* [What is needed]: Every line below should be repeated exactly.
···
(* Let $M^1=\langle W^1,\mathcal{N}^1,V^1\rangle$ and $M^2=\langle W^2,\mathcal{N}^2,V^2\rangle$ be nIML1-models and let $w_1\in W^1$, $w_2\in W^2$ be behaviorally equivalent. Then for every formula $\varphi$: $w_1\Vdash_{M^1}\varphi$ iff $w_2\Vdash_{M^2}\varphi$.
   Context: Formulas are built from a denumerable set $PV$ of propositional variables and $\bot$ using binary $\land,\lor,\rightarrow,\rightsquigarrow$ and unary $\Delta$. An nIML1-model is a triple $\langle W,\mathcal{N},V\rangle$ with $W\neq\emptyset$, $\mathcal{N}:W\to P(P(W))$ satisfying for all $w$: (a) $w\in\bigcap\mathcal{N}_w$; (b) $\bigcap\mathcal{N}_w\in\mathcal{N}_w$; (c) $u\in\bigcap\mathcal{N}_w\Rightarrow\bigcap\mathcal{N}_u\subseteq\bigcap\mathcal{N}_w$; (d) $\bigcap\mathcal{N}_w\subseteq X\subseteq\bigcup\mathcal{N}_w\Rightarrow X\in\mathcal{N}_w$; (e) $u\in\bigcap\mathcal{N}_w\Rightarrow\bigcup\mathcal{N}_u\subseteq\bigcup\mathcal{N}_w$ ($\bigcap\mathcal{N}_w$, $\bigcup\mathcal{N}_w$ the intersection and union of the family $\mathcal{N}_w$), and $V:PV\to P(W)$ with $w\in V(q)\Rightarrow\bigcap\mathcal{N}_w\subseteq V(q)$. Forcing: atoms via $V$; $\bot$ never; $\land,\lor$ pointwise; $w\Vdash\varphi\rightarrow\psi$ iff every $v\in\bigcap\mathcal{N}_w$ has $v\nVdash\varphi$ or $v\Vdash\psi$; $w\Vdash\varphi\rightsquigarrow\psi$ iff every $v\in\bigcup\mathcal{N}_w$ has $v\nVdash\varphi$ or $v\Vdash\psi$; $w\Vdash\Delta\varphi$ iff every $v\in\bigcup\mathcal{N}_w$ has $v\Vdash\varphi$. A bounded morphism from $M^1$ to $M^2$ is $f:W^1\to W^2$ such that for every $w$: $w$ and $f(w)$ force the same propositional variables, $f[\bigcap\mathcal{N}^1_w]=\bigcap\mathcal{N}^2_{f(w)}$ and $f[\bigcup\mathcal{N}^1_w]=\bigcup\mathcal{N}^2_{f(w)}$. Worlds $w_1\in W^1$, $w_2\in W^2$ are behaviorally equivalent if there exist an nIML1-model $B$ and bounded morphisms $f:M^1\to B$, $g:M^2\to B$ with $f(w_1)=g(w_2)$. *)

Definition PV := nat.

Inductive form : Type :=
| Var : PV -> form
| Bot : form
| And : form -> form -> form
| Or : form -> form -> form
| Imp : form -> form -> form
| SImp : form -> form -> form
| Delta : form -> form.

Record model : Type := Model {
  W : Type;
  N : W -> (W -> Prop) -> Prop;
  V : PV -> W -> Prop
}.

Definition bigcapN {M : model} (w : W M) : W M -> Prop :=
  fun v => forall X, N M w X -> X v.
Definition bigcupN {M : model} (w : W M) : W M -> Prop :=
  fun v => exists X, N M w X /\ X v.

Definition subset {T : Type} (A B : T -> Prop) := forall x, A x -> B x.

Definition is_nIML1 (M : model) : Prop :=
  inhabited (W M) /\
  (forall w : W M,
     bigcapN w w /\
     N M w (bigcapN w) /\
     (forall u, bigcapN w u -> subset (bigcapN u) (bigcapN w)) /\
     (forall X, subset (bigcapN w) X -> subset X (bigcupN w) -> N M w X) /\
     (forall u, bigcapN w u -> subset (bigcupN u) (bigcupN w))) /\
  (forall (q : PV) (w : W M), V M q w -> subset (bigcapN w) (V M q)).

Fixpoint forces (M : model) (w : W M) (phi : form) : Prop :=
  match phi with
  | Var q => V M q w
  | Bot => False
  | And a b => forces M w a /\ forces M w b
  | Or a b => forces M w a \/ forces M w b
  | Imp a b => forall v, bigcapN w v -> ~ forces M v a \/ forces M v b
  | SImp a b => forall v, bigcupN w v -> ~ forces M v a \/ forces M v b
  | Delta a => forall v, bigcupN w v -> forces M v a
  end.

Definition image {A B : Type} (f : A -> B) (X : A -> Prop) : B -> Prop :=
  fun y => exists x, X x /\ f x = y.

Definition set_eq {T : Type} (A B : T -> Prop) := forall x, A x <-> B x.

Definition bounded_morphism (M1 M2 : model) (f : W M1 -> W M2) : Prop :=
  forall w : W M1,
    (forall q, V M1 q w <-> V M2 q (f w)) /\
    set_eq (image f (bigcapN w)) (bigcapN (f w)) /\
    set_eq (image f (bigcupN w)) (bigcupN (f w)).

Definition behaviorally_equivalent (M1 M2 : model) (w1 : W M1) (w2 : W M2) : Prop :=
  exists (B : model) (f : W M1 -> W B) (g : W M2 -> W B),
    is_nIML1 B /\ bounded_morphism M1 B f /\ bounded_morphism M2 B g /\ f w1 = g w2.

From Stdlib Require Import Setoid.

(* Forcing is preserved along any bounded morphism, by induction on the formula;
   behaviourally equivalent worlds then force the same formulas as their common
   image. *)

Lemma forall_image_iff {A B : Type} (f : A -> B) (X : A -> Prop) (Y : B -> Prop)
    (P : A -> Prop) (Q : B -> Prop) :
  set_eq (image f X) Y -> (forall x, P x <-> Q (f x)) ->
  (forall y, Y y -> Q y) <-> (forall x, X x -> P x).
Proof.
  intros HXY HPQ; split.
  - intros HQ x Hx. apply HPQ, HQ, HXY. exists x; auto.
  - intros HP y Hy. apply HXY in Hy as [x [Hx <-]]. apply HPQ, HP, Hx.
Qed.

Lemma bounded_morphism_forces (M B : model) (f : W M -> W B) :
  bounded_morphism M B f ->
  forall phi w, forces M w phi <-> forces B (f w) phi.
Proof.
  intros Hf phi.
  induction phi as [q| |a IHa b IHb|a IHa b IHb|a IHa b IHb|a IHa b IHb|a IHa];
    intros w; simpl; destruct (Hf w) as [Hvar [Hcap Hcup]].
  - apply Hvar.
  - reflexivity.
  - rewrite IHa, IHb; reflexivity.
  - rewrite IHa, IHb; reflexivity.
  - symmetry; apply (forall_image_iff f _ _ _ _ Hcap).
    intros x; rewrite IHa, IHb; reflexivity.
  - symmetry; apply (forall_image_iff f _ _ _ _ Hcup).
    intros x; rewrite IHa, IHb; reflexivity.
  - symmetry; apply (forall_image_iff f _ _ _ _ Hcup), IHa.
Qed.

Theorem theorem7p2 (M1 M2 : model) (w1 : W M1) (w2 : W M2) :
  is_nIML1 M1 -> is_nIML1 M2 ->
  behaviorally_equivalent M1 M2 w1 w2 ->
  forall phi : form, forces M1 w1 phi <-> forces M2 w2 phi.
Proof.
  intros _ _ [B [f [g [_ [Hf [Hg Hfg]]]]]] phi.
  rewrite (bounded_morphism_forces _ _ f Hf), (bounded_morphism_forces _ _ g Hg), Hfg.
  reflexivity.
Qed.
···
* [Exercise answer]:
(* Let $M^1=\langle W^1,\mathcal{N}^1,V^1\rangle$ and $M^2=\langle W^2,\mathcal{N}^2,V^2\rangle$ be nIML1-models and let $w_1\in W^1$, $w_2\in W^2$ be behaviorally equivalent. Then for every formula $\varphi$: $w_1\Vdash_{M^1}\varphi$ iff $w_2\Vdash_{M^2}\varphi$.
   Context: Formulas are built from a denumerable set $PV$ of propositional variables and $\bot$ using binary $\land,\lor,\rightarrow,\rightsquigarrow$ and unary $\Delta$. An nIML1-model is a triple $\langle W,\mathcal{N},V\rangle$ with $W\neq\emptyset$, $\mathcal{N}:W\to P(P(W))$ satisfying for all $w$: (a) $w\in\bigcap\mathcal{N}_w$; (b) $\bigcap\mathcal{N}_w\in\mathcal{N}_w$; (c) $u\in\bigcap\mathcal{N}_w\Rightarrow\bigcap\mathcal{N}_u\subseteq\bigcap\mathcal{N}_w$; (d) $\bigcap\mathcal{N}_w\subseteq X\subseteq\bigcup\mathcal{N}_w\Rightarrow X\in\mathcal{N}_w$; (e) $u\in\bigcap\mathcal{N}_w\Rightarrow\bigcup\mathcal{N}_u\subseteq\bigcup\mathcal{N}_w$ ($\bigcap\mathcal{N}_w$, $\bigcup\mathcal{N}_w$ the intersection and union of the family $\mathcal{N}_w$), and $V:PV\to P(W)$ with $w\in V(q)\Rightarrow\bigcap\mathcal{N}_w\subseteq V(q)$. Forcing: atoms via $V$; $\bot$ never; $\land,\lor$ pointwise; $w\Vdash\varphi\rightarrow\psi$ iff every $v\in\bigcap\mathcal{N}_w$ has $v\nVdash\varphi$ or $v\Vdash\psi$; $w\Vdash\varphi\rightsquigarrow\psi$ iff every $v\in\bigcup\mathcal{N}_w$ has $v\nVdash\varphi$ or $v\Vdash\psi$; $w\Vdash\Delta\varphi$ iff every $v\in\bigcup\mathcal{N}_w$ has $v\Vdash\varphi$. A bounded morphism from $M^1$ to $M^2$ is $f:W^1\to W^2$ such that for every $w$: $w$ and $f(w)$ force the same propositional variables, $f[\bigcap\mathcal{N}^1_w]=\bigcap\mathcal{N}^2_{f(w)}$ and $f[\bigcup\mathcal{N}^1_w]=\bigcup\mathcal{N}^2_{f(w)}$. Worlds $w_1\in W^1$, $w_2\in W^2$ are behaviorally equivalent if there exist an nIML1-model $B$ and bounded morphisms $f:M^1\to B$, $g:M^2\to B$ with $f(w_1)=g(w_2)$. *)

Definition PV := nat.

Inductive form : Type :=
| Var : PV -> form
| Bot : form
| And : form -> form -> form
| Or : form -> form -> form
| Imp : form -> form -> form
| SImp : form -> form -> form
| Delta : form -> form.

Record model : Type := Model {
  W : Type;
  N : W -> (W -> Prop) -> Prop;
  V : PV -> W -> Prop
}.

Definition bigcapN {M : model} (w : W M) : W M -> Prop :=
  fun v => forall X, N M w X -> X v.
Definition bigcupN {M : model} (w : W M) : W M -> Prop :=
  fun v => exists X, N M w X /\ X v.

Definition subset {T : Type} (A B : T -> Prop) := forall x, A x -> B x.

Definition is_nIML1 (M : model) : Prop :=
  inhabited (W M) /\
  (forall w : W M,
     bigcapN w w /\
     N M w (bigcapN w) /\
     (forall u, bigcapN w u -> subset (bigcapN u) (bigcapN w)) /\
     (forall X, subset (bigcapN w) X -> subset X (bigcupN w) -> N M w X) /\
     (forall u, bigcapN w u -> subset (bigcupN u) (bigcupN w))) /\
  (forall (q : PV) (w : W M), V M q w -> subset (bigcapN w) (V M q)).

Fixpoint forces (M : model) (w : W M) (phi : form) : Prop :=
  match phi with
  | Var q => V M q w
  | Bot => False
  | And a b => forces M w a /\ forces M w b
  | Or a b => forces M w a \/ forces M w b
  | Imp a b => forall v, bigcapN w v -> ~ forces M v a \/ forces M v b
  | SImp a b => forall v, bigcupN w v -> ~ forces M v a \/ forces M v b
  | Delta a => forall v, bigcupN w v -> forces M v a
  end.

Definition image {A B : Type} (f : A -> B) (X : A -> Prop) : B -> Prop :=
  fun y => exists x, X x /\ f x = y.

Definition set_eq {T : Type} (A B : T -> Prop) := forall x, A x <-> B x.

Definition bounded_morphism (M1 M2 : model) (f : W M1 -> W M2) : Prop :=
  forall w : W M1,
    (forall q, V M1 q w <-> V M2 q (f w)) /\
    set_eq (image f (bigcapN w)) (bigcapN (f w)) /\
    set_eq (image f (bigcupN w)) (bigcupN (f w)).

Definition behaviorally_equivalent (M1 M2 : model) (w1 : W M1) (w2 : W M2) : Prop :=
  exists (B : model) (f : W M1 -> W B) (g : W M2 -> W B),
    is_nIML1 B /\ bounded_morphism M1 B f /\ bounded_morphism M2 B g /\ f w1 = g w2.

From Stdlib Require Import Setoid.

(* Forcing is preserved along any bounded morphism, by induction on the formula;
   behaviourally equivalent worlds then force the same formulas as their common
   image. *)

Lemma forall_image_iff {A B : Type} (f : A -> B) (X : A -> Prop) (Y : B -> Prop)
    (P : A -> Prop) (Q : B -> Prop) :
  set_eq (image f X) Y -> (forall x, P x <-> Q (f x)) ->
  (forall y, Y y -> Q y) <-> (forall x, X x -> P x).
Proof.
  intros HXY HPQ; split.
  - intros HQ x Hx. apply HPQ, HQ, HXY. exists x; auto.
  - intros HP y Hy. apply HXY in Hy as [x [Hx <-]]. apply HPQ, HP, Hx.
Qed.

Lemma bounded_morphism_forces (M B : model) (f : W M -> W B) :
  bounded_morphism M B f ->
  forall phi w, forces M w phi <-> forces B (f w) phi.
Proof.
  intros Hf phi.
  induction phi as [q| |a IHa b IHb|a IHa b IHb|a IHa b IHb|a IHa b IHb|a IHa];
    intros w; simpl; destruct (Hf w) as [Hvar [Hcap Hcup]].
  - apply Hvar.
  - reflexivity.
  - rewrite IHa, IHb; reflexivity.
  - rewrite IHa, IHb; reflexivity.
  - symmetry; apply (forall_image_iff f _ _ _ _ Hcap).
    intros x; rewrite IHa, IHb; reflexivity.
  - symmetry; apply (forall_image_iff f _ _ _ _ Hcup).
    intros x; rewrite IHa, IHb; reflexivity.
  - symmetry; apply (forall_image_iff f _ _ _ _ Hcup), IHa.
Qed.

Theorem theorem7p2 (M1 M2 : model) (w1 : W M1) (w2 : W M2) :
  is_nIML1 M1 -> is_nIML1 M2 ->
  behaviorally_equivalent M1 M2 w1 w2 ->
  forall phi : form, forces M1 w1 phi <-> forces M2 w2 phi.
Proof.
  intros _ _ [B [f [g [_ [Hf [Hg Hfg]]]]]] phi.
  rewrite (bounded_morphism_forces _ _ f Hf), (bounded_morphism_forces _ _ g Hg), Hfg.
  reflexivity.
Qed.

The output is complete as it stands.